Is there a technical reason to do this? You have the type right there.
[−] Imustaskforhelp 59d ago
As someone who had made a project analysing hackernews who had used clickhouse, I really feel like this is a project made for me (especially the updated every 5 minute aspect which could've helped my project back then too!)

Your project actually helps me out a ton in making one of the new project ideas that I had about hackernews that I had put into the back-burner.

I had thought of making a ping website where people can just @Username and a service which can detect it and then send mail to said username if the username has signed up to the service (similar to a service run by someone from HN community which mails you everytime someone responds to your thread directly, but this time in a sort of ping)

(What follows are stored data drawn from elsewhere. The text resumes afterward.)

Lemma size_pull_schedule ctr N ls : size (pull_schedule ctr N ls) = (size ls * N)%N.
Proof. by elim: ls => //= y ls IH; rewrite size_cat size_nseq IH mulSn. Qed.

Lemma run_nseq (U : config R n d) k c N : k != c ->
  run f U (nseq N (k, c)) =
  fun x => if x == k then iter N (pull f (U c)) (U k) else U x.
Proof.
move=> kc; elim: N U => [|N IH] U /=.
  by apply: funext => x; case: eqP => // ->.
rewrite /run /= -/(run f _ _) IH; apply: funext => x.
by rewrite /intervene /= eqxx [c == k]eq_sym (negbTE kc) -iterS iterSr; case: eqP.
Qed.

Lemma run_cat (U : config R n d) s1 s2 : run f U (s1 ++ s2) = run f (run f U s1) s2.
Proof. exact: foldl_cat. Qed.

Lemma run_pull_schedule (U : config R n d) ctr N ls x :
  uniq ls -> (forall y, ctr y \notin ls) ->
  run f U (pull_schedule ctr N ls) x =
    if x \in ls then iter N (pull f (U (ctr x))) (U x) else U x.
Proof.
elim: ls U => [|a ls IH] U //= /andP[a_ls uniq_ls] ctr_out.
have ctr_a y : ctr y != a by apply: contraNneq (ctr_out y) => ->; exact: mem_head.
have ctr_ls y : ctr y \notin ls by apply: contra (ctr_out y); rewrite in_cons => ->; rewrite orbT.
rewrite /pull_schedule /= run_cat -/(pull_schedule ctr N ls) IH //.
rewrite run_nseq 1?eq_sym ?ctr_a // in_cons.
rewrite [a == _]eq_sym (negbTE (ctr_a x)); case: (eqVneq x a) => [->|xa] //=.
by rewrite (negbTE a_ls).
Qed.

End Run.

Lemma maximal_independent_retract (T : finType) (r : rel T) : symmetric r ->
  exists (C : {set T}) (ctr : T -> T),
    [/\ {in C &, forall a b, a != b -> ~~ r a b}, forall x, ctr x \in C,
        {in C, forall x, ctr x = x} & forall x, x \notin C -> r x (ctr x)].
Proof.
move=> r_sym.
pose indep (C : {set T}) := [forall a in C, forall b in C, (a != b) ==> ~~ r a b].
have indepP (C : {set T}) : reflect {in C &, forall a b, a != b -> ~~ r a b} (indep C).
  apply: (iffP forall_inP) => [h a b aC bC ab | h a aC].
    by move/forall_inP: (h a aC) => /(_ b bC); rewrite ab.
  by apply/forall_inP => b bC; apply/implyP; exact: h.
have indep0 : indep finset.set0 by apply/indepP => a; rewrite inE.
case: (arg_maxnP (fun C : {set T} => #|C|) indep0) => C /indepP C_indep C_max.
have near_C x : x \notin C -> exists2 y, y \in C & r x y.
  move=> xC; case: (boolP [exists y in C, r x y]) => [/exists_inP //|/exists_inPn far].
  suff /C_max : indep (x |: C) by rewrite cardsU1 xC add1n /= ltnn.
  apply/indepP => a b; rewrite !in_setU1.
  case/predU1P=> [->|aC] /predU1P[->|bC]; rewrite ?eqxx // => ab.
  - exact: far.
  - by rewrite r_sym; exact: far.
  - exact: C_indep.
have /fin_all_exists[ctr ctr_spec] : forall x, exists y,
    [/\ y \in C, x \in C -> y = x & x \notin C -> r x y].
  move=> x; case: (boolP (x \in C)) => xC; first by exists x.
  by have [y yC rxy] := near_C x xC; exists y.
by exists C, ctr; split=> // x; have [] := ctr_spec x; auto.
Qed.

Lemma exists_nat_ge_mul (R : realType) (a b : R) : 0 < a -> exists N : nat, b <= N%:R * a.
Proof.
by move=> a_gt0; exists (Num.truncn (b / a)).+1; rewrite -ler_pdivrMr // ltW ?truncnS_gt.
Qed.

Section Schedule.
Variables (R : realType) (n d : nat) (f : R -> R) (t c eta : R) (N : nat).
Hypotheses (t_gt0 : 0 < t) (c_ge0 : 0 <= c) (eta_gt0 : 0 < eta).
Hypothesis N_large : 2 <= N%:R * (c * eta) ^+ 2.
Hypothesis f_lbound : forall A, t <= `|A| <= 1 -> c <= `|f A|.
Hypothesis f_mul_ge0 : forall A, `|A| <= 1 -> 0 <= f A * A.
Variables (U : config R n d) (C : {set 'I_n}) (ctr : 'I_n -> 'I_n).
Hypothesis U_unit : forall i, dotp (U i) (U i) = 1.
Hypothesis C_sep : {in C &, forall a b, a != b -> `|gram U a b| <= t}.
Hypothesis ctr_in : forall x, ctr x \in C.
Hypothesis ctr_id : {in C, forall x, ctr x = x}.
Hypothesis ctr_near : forall x, x \notin C -> t < `|gram U x (ctr x)|.

Local Notation W := (run f U (pull_schedule ctr N (enum (~: C)))).

Lemma pull_schedule_near x :
  dotp (W x) (W x) = 1 /\
  exists2 s : R, `|s| = 1 & dotp (W x - s *: U (ctr x)) (W x - s *: U (ctr x)) <= eta ^+ 2.
Proof.
rewrite run_pull_schedule ?enum_uniq // => [|y]; last by rewrite mem_enum inE ctr_in.
rewrite mem_enum inE; case: (boolP (x \in C)) => xC /=.
  rewrite ctr_id //; split=> //; exists 1; rewrite ?normr1 // dotpBZ U_unit.
  by have := sqr_ge0 eta; lra.
by apply: (iter_pull_close t_gt0 c_ge0 f_lbound f_mul_ge0) => //; exact: ltW (ctr_near xC).
Qed.

Lemma pull_schedule_inactive (eps : R) : t + 2 * eta <= eps -> eps_inactive eps W.
Proof.
move=> eps_ge [i [j /andP[lo hi]]].
have [Wi [si si1 close_i]] := pull_schedule_near i.
have [Wj [sj sj1 close_j]] := pull_schedule_near j.
have := dist_norm_dotp_le Wj (U_unit (ctr i)) si1 sj1 eta_gt0 close_i close_j.
rewrite ler_distlC; have := t_gt0.
case: (eqVneq (ctr i) (ctr j)) => [<-|ctr_ij].
  by rewrite U_unit normr1 => ? /andP[? ?]; lra.
by have := C_sep (ctr_in i) (ctr_in j) ctr_ij => ? ? /andP[? ?]; lra.
Qed.

End Schedule.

[The previous idea came as I tried to ping someone to show them something relevant and thought that wait a minute, something like ping which mails might be interesting and then tried to see if I can use algolia or any service to hook things up but not many/any service made much sense back then sadly so I had the idea in back of my mind but this service sort of solves it by having it being updated every 5 minutes]

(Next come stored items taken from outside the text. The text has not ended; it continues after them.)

Lemma normal_step4 : supports (circ_rat (- / B)) (circ_rat 1) L Rt T.
Proof.
  apply supports_circ_rat;
    [vertex_sign | exists Rt; split; [now right; left | rewrite chord_form_R; field; lra]].
  sign_as ((1 + / B) * (1 - / B) * (A * B - 1) ^ 2).
Qed.

Lemma normal_cycle_ccw :
  0 < cross3 (circ_rat 1) (circ_rat (- A)) (circ_rat (/ (A * B))) /\
  0 < cross3 (circ_rat (- A)) (circ_rat (/ (A * B))) (circ_rat (A * B)) /\
  0 < cross3 (circ_rat (A * B)) (circ_rat (- / B)) (circ_rat 1) /\
  0 < cross3 (circ_rat (- / B)) (circ_rat (/ (A * B))) (circ_rat 1).
Proof.
  pose proof normal_inv_bounds; repeat split; apply ccw_circ_rat; apply Rmult_lt_0_compat; nra.
Qed.

End NormalForm.

Lemma rot_number_normal_triangle c1 c2 c3 m A B P Q R0 :
  disk_automorphism c1 c2 c3 m -> 1 <= A -> 1 <= B -> 1 < A * B ->
  inD P -> inD Q -> inD R0 ->
  (forall Z, is_vertex (proj_map c1 c2 c3 (normal_L A)) (proj_map c1 c2 c3 (normal_R B))
     (proj_map c1 c2 c3 (normal_T (A * B))) Z <-> is_vertex P Q R0 Z) ->
  rot_number_is (filled_triangle P Q R0) (2 / 5).
Proof.
  intros Hg hA hB hAB hP hQ hR Hvert; set (g := proj_map c1 c2 c3).
  assert (Hc : forall u, dot (circ_rat u) (circ_rat u) <= 1)
    by (intros; rewrite circ_rat_norm; lra).
  assert (Hu : forall u, dot (g (circ_rat u)) (g (circ_rat u)) = 1)
    by (intros; apply (proj_map_circle c1 c2 c3 m Hg), circ_rat_norm).
  destruct (normal_vertices_closed A B hA hB) as [hL [hRt hT]].
  assert (Hstep : forall a b,
    supports (circ_rat a) (circ_rat b) (normal_L A) (normal_R B) (normal_T (A * B)) ->
    supports (g (circ_rat a)) (g (circ_rat b)) P Q R0).
  { intros; eapply supports_vertex_ext; [exact Hvert |].
    apply (supports_proj_map c1 c2 c3 m); auto. }
  destruct (normal_cycle_ccw A B hA hB hAB) as [O012 [O123 [O340 O420]]].
  apply (rot_number_triangle_five_cycle P Q R0 (g (circ_rat 1)) (g (circ_rat (- A)))
    (g (circ_rat (/ (A * B)))) (g (circ_rat (A * B))) (g (circ_rat (- / B)))); auto.
  all: first
    [ apply Hstep; first [ apply normal_step0 | apply normal_step1 | apply normal_step2
                         | apply normal_step3 | apply normal_step4 ]; assumption
    | apply (ccw_proj_map c1 c2 c3 m); auto ].
Qed.
(* Let $\{X_n\}_{n=-\infty}^{\infty}$ be a stationary time series taking values in a finite alphabet $\mathcal{X}$. For $k\ge1$, $n\ge0$ and $j\ge0$, define the time series $\{\tilde X^{(k,n,j)}_i\}_{i=-\infty}^{\infty}$ by $\tilde X^{(k,n,j)}_i=X_{n-\tau^k_j(n)+i}$ for $-\infty<i<\infty$. Then $\{\tilde X^{(k,n,j)}_i\}_{i=-\infty}^{\infty}$ has the same distribution as $\{X_i\}_{i=-\infty}^{\infty}$.
   Context: Notation: $X_m^n=(X_m,\dots,X_n)$. For $k\ge1$ and $n\ge0$, $\tau^k_0(n)=0$ and for $i\ge1$, $\tau^k_i(n)=\min\{t>\tau^k_{i-1}(n): X_{n-k+1-t}^{n-t}=X_{n-k+1}^n\}$, i.e. the successive times $t>0$ going backward at which the block $X_{n-k+1}^n$ reoccurs ending at position $n-t$. *)

From HB Require Import structures.
From mathcomp Require Import all_boot all_order all_algebra.
From mathcomp Require Import all_classical all_reals.
From mathcomp Require Import ereal measure probability.
Set Implicit Arguments. Unset Strict Implicit. Unset Printing Implicit Defensive.
Import Order.TTheory GRing.Theory Num.Theory.
Local Open Scope classical_set_scope.
Local Open Scope ring_scope.

Section Defs.
Context {T : Type} {A : eqType}.

Definition cyl (X : int -> T -> A) (s : seq (int * A)) : set T :=
  [set w | all (fun p => X p.1 w == p.2) s].

Definition block_match (X : int -> T -> A) (k n t : nat) (w : T) : Prop :=
  forall l : nat, (l < k)%N ->
    X (n%:Z - t%:Z - l%:Z) w = X (n%:Z - l%:Z) w.

(* is_tau X k n w j t  <->  tau^k_j(n) = t at outcome w (recursive min definition) *)
Inductive is_tau (X : int -> T -> A) (k n : nat) (w : T) : nat -> nat -> Prop :=
| is_tau0 : is_tau X k n w 0 0
| is_tauS (j s t : nat) :
    is_tau X k n w j s -> (s < t)%N -> block_match X k n t w ->
    (forall u : nat, (s < u)%N -> (u < t)%N -> ~ block_match X k n u w) ->
    is_tau X k n w j.+1 t.
End Defs.

Definition stationary (d : measure_display) (T : measurableType d) (R : realType)
  (P : probability T R) (A : eqType) (X : int -> T -> A) : Prop :=
  forall (s : seq (int * A)) (m : int),
    P (cyl (fun i => X (i + m)) s) = P (cyl X s).

From HB Require Import structures.
From mathcomp Require Import all_boot all_order all_algebra.
From mathcomp Require Import all_classical all_reals.
From mathcomp Require Import ereal sequences measure probability.
From mathcomp Require Import zify.
Import Order.TTheory GRing.Theory Num.Theory.
Set Implicit Arguments. Unset Strict Implicit. Unset Printing Implicit Defensive.
Local Open Scope classical_set_scope.
Local Open Scope ring_scope.

(* Return times are handled by counting: tau^k_j(n) = t exactly when t is a
   return lag of the block ending at n and exactly j of the lags 1, ..., t are
   return lags.  Let E_t ([tau_event t]) be the event that tau^k_j(n) = t and
   X_{n-t+.} lies in the cylinder.  The E_t are disjoint, and by stationarity
   E_t has the probability of its shift by t, the event F_t
   ([shifted_tau_event t]) that n + t is the j-th forward return of the block
   ending at n and X_{n+.} lies in the cylinder.  The F_t are disjoint too, and
   by Poincare recurrence almost every block returns j times in the future, so
   the F_t cover the cylinder at n up to a null set.  Hence
   P(U E_t) = sum P(E_t) = sum P(F_t) = P(X_{n+.} in s) = P(X in s). *)

Section SameBlock.
Variables (A : eqType) (k : nat).
Implicit Types (p : int -> A) (m : int).
Lemma rat_int_of_integral (R : numFieldType) (t : rat) :
  integralOver (intr : int -> R) (ratr t) -> t \is a Num.int.
Proof.
case=> p p_monic p_root.
have ratr_intr (F : numFieldType) : map_poly (intr : int -> F) p =
    map_poly ratr (map_poly (intr : int -> rat) p).
  by rewrite -map_poly_comp; apply: eq_map_poly => z /=; rewrite rmorph_int.
have rat_root : root (map_poly (intr : int -> rat) p) t.
  by rewrite -(fmorph_root (ratr : {rmorphism rat -> R})) -(ratr_intr R).
have t_Aint : ratr t \in Aint.
  apply: (@root_monic_Aint (map_poly (intr : int -> algC) p)).
  - by rewrite (ratr_intr algC) fmorph_root.
  - exact: monic_map.
  - by apply/polyOverP => i; rewrite coef_map /= intr_int.
have /intrP [z tz] := Cint_rat_Aint (Crat_rat t) t_Aint.
apply/intrP; exists z; apply: (fmorph_inj (ratr : {rmorphism rat -> algC})).
by rewrite rmorph_int.
Qed.

Lemma ratr_int_of_integral (R : archiNumFieldType) (q : rat) :
  integralOver (intr : int -> R) (ratr q) -> (ratr q : R) \is a Num.int.
Proof.
by move/rat_int_of_integral/intrP => [z ->]; rewrite rmorph_int intr_int.
Qed.

Lemma int_mx_eigenvalue_integral (F : fieldType) m (Z : 'M[int]_m) (v : 'rV[F]_m) y :
  v != 0 -> v *m map_mx intr Z = y *: v -> integralOver (intr : int -> F) y.
Proof.
move=> v_neq0 vZ; exists (char_poly Z); first exact: char_poly_monic.
by rewrite map_char_poly -eigenvalue_root_char; apply/eigenvalueP; exists v.
Qed.

Lemma in_OK_integral (K : fieldExtType rat) (x : K) :
  in_OK x <-> integralOver (intr : int -> K) x.
Proof. by split; [case=> p [? ?] | case=> p ? ?]; exists p. Qed.

Lemma in_OK_add (K : fieldExtType rat) (x y : K) :
  in_OK x -> in_OK y -> in_OK (x + y).
Proof.
by move=> /in_OK_integral ? /in_OK_integral ?; apply/in_OK_integral/integral_add.
Qed.

Lemma in_OK_mul (K : fieldExtType rat) (x y : K) :
  in_OK x -> in_OK y -> in_OK (x * y).
Proof.
by move=> /in_OK_integral ? /in_OK_integral ?; apply/in_OK_integral/integral_mul.
Qed.

(** * Totally real number fields *)

Section TotallyRealField.
Variables (R : realType) (K : fieldExtType rat) (n : nat).
Variable tau : 'I_n -> {rmorphism K -> R}.
Implicit Types (x y a : K) (l : 'rV[R]_n).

Your 5 minute updates really make it possible. I will look what I can do with that in some days but I am seeing some discrepancy in the 5 minute update as last seems to be 16 march in the readme so I would love to know more about if its being updated every 5 minutes because it truly feels phenomenal if true and its exciting to think of some new possibilities unlocked with it.

[−] xnx 59d ago
The best source for this data used to be Clickhouse (https://play.clickhouse.com/play?user=play#U0VMRUNUIG1heCh0a...), but it hasn't updated since 2025-12-26.
[−] politician 59d ago
This is great. I've soured on this site over the past few years due to the heavy partisanship that wasn't as present in the early days (eternal September), but there are still quite a few people whose opinions remain thought-provoking and insightful. I'm going to use this corpus to make a local self-hosted version of HN with the ability to a) show inline article summaries and b) follow those folks.
[−] brtkwr 59d ago
This comment should make it into the download in a few mins.
[−] lyu07282 59d ago
Please upload to https://academictorrents.com/ as well if possible
[−] Onavo 59d ago
Is is possible to only download a subset? e.g. Show HNs or HN Whoishiring. The Show HNs and HN Whoishiring are very useful for classroom data science i.e. a very useful set of data for students to learn the basic of data cleaning and engineering.
[−] dacapoday 58d ago
Very Nice Job! I built a small CLI to browse and query it from the terminal: https://github.com/dacapoday/hn
[−] palmotea 59d ago

> At midnight UTC, the entire current month is refetched from the source as a single authoritative Parquet file, and today's individual 5-minute blocks are removed from the today/ directory.

Wouldn't that lose deleted/moderated comments?